Around 4:30 p.m. on Aug. 1, Ethan was taken to the Perry County Memorial emergency room, where doctors diagnosed him with "very early middle lobe pneumonia with dehydration." He was given fluid and seemed to improve.
At 9 p.m., Ethan was admitted to a ward at the hospital. Around midnight, his breathing became labored, prompting a diagnosis of acute respiratory distress or perhaps fluid overload. With no lab reports at Perry County Memorial -- those would not be complete until Aug. 3 -- Dr. Bhargav Kanani, Ethan's regular physician -- nevertheless realized Ethan needed more intensive care than Perry County Memorial could provide.
"I think he actually had a bronchopneumonia which was not being appreciated because he was dehydrated prior to getting fluids and I think it is a bronchopneumonia setting in and with his clinical grunting that would support the diagnosis," Kanani said in his dictated notes.
Transfer was arranged to Cardinal Glennon.
Family members and Allen Moss, the Altoms' Cape Girardeau attorney, have questioned whether appropriate care was given at Perry County Memorial.
After hearing a description from Kanani's notes dictated at 1:52 a.m. Aug 2, Christensen said he sees nothing wrong with the way Ethan was handled at Perry County Memorial. "It sounds like he was handling the case very well," Christensen said.
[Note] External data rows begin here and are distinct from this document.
Lemma del_edge_cross e x y A B S : symmetric e -> e x y ->
  separates (del_edge e x y) A B S -> ~ separates e A B S ->
  exists u u', [/\ u \in reach (del_edge e x y) S A, u' \in reach (del_edge e x y) S B,
    e u u' & forall v w, e v w -> ~~ del_edge e x y v w -> (v == u) || (v == u')].
Proof.
set e' := del_edge e x y => se exy sepS /separatesP /forall_inPn[a aA /forall_inPn[b bB]].
rewrite negb_or negbK => /andP[aS cab].
have se' : symmetric e' := del_edge_sym x y se.
have dR := separates_reach_disjoint se' sepS.
have aRA := mem_reach e' aA aS; have bRB := mem_reach e' bB (avoid_connect_notin cab aS).
have exit (R : {set T}) a' b' : a' \in R -> b' \notin R -> connect (avoid e S) a' b' ->
    (forall v w, v \in R -> avoid e' S v w -> w \in R) ->
    exists2 v, v \in R & (v == x) || (v == y).
  move=> aR bR cab' Rstep; have [v [w [vR wR vw]]] := connect_exit cab' aR bR.
  exists v => //; move: vw wR; rewrite /avoid => /and3P[evw vS wS].
  apply: contraR => /norP[vx vy]; apply: Rstep vR _.
  by rewrite /avoid vS wS /e' /del_edge evw (negbTE vx) (negbTE vy).
have [u uRA uxy] := exit _ a b aRA (negbT (disjointFl dR bRB)) cab (@reach_step e' S A).
have cba : connect (avoid e S) b a by rewrite (sym_connect_sym (avoid_sym S se)).
have [u' u'RB u'xy] := exit _ b a bRB (negbT (disjointFr dR aRA)) cba (@reach_step e' S B).
have uu' : u != u' by apply: contraTneq u'RB => <-; rewrite (disjointFr dR uRA).
exists u, u'; split=> //.
  by move: uxy u'xy uu'; do 2!case/orP=> /eqP->; rewrite ?eqxx // se.
move=> v w evw; rewrite /e' /del_edge evw negbK => /orP[]/andP[/eqP-> _];
  by move: uxy u'xy uu'; do 2!case/orP=> /eqP->; rewrite ?eqxx ?orbT.
Qed.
Moss, who has already been critical of how the Perry County sheriff's office handled the investigation, questioned the release of the medical records.
"I don't think they have the authority from Cardinal Glennon to release this child's medical records," Moss said. "I'd like to see that in writing."
Under Missouri law, all reports and records generated in child abuse and neglect investigations are closed records unless the case concerns a child's death or near-fatal injury. In those cases, the director of the Department of Social Services has discretionary power to make the records public if there is little likelihood of harm to other children in the family.
"The director is to consider the release based on the impact on siblings, whether the children's safety would be jeopardized by the release of the records," said Deborah Scott, spokeswoman for the department. Since Ethan's brother and half brother are in protective custody, she said, the records are being released.
The Altoms could not be reached for comment. They have moved from the home they occupied on Perry County Road 328, and cellular telephone numbers listed in the case file have been disconnected.
"I have instructed them not to make any comments about the facts of the case," Moss said.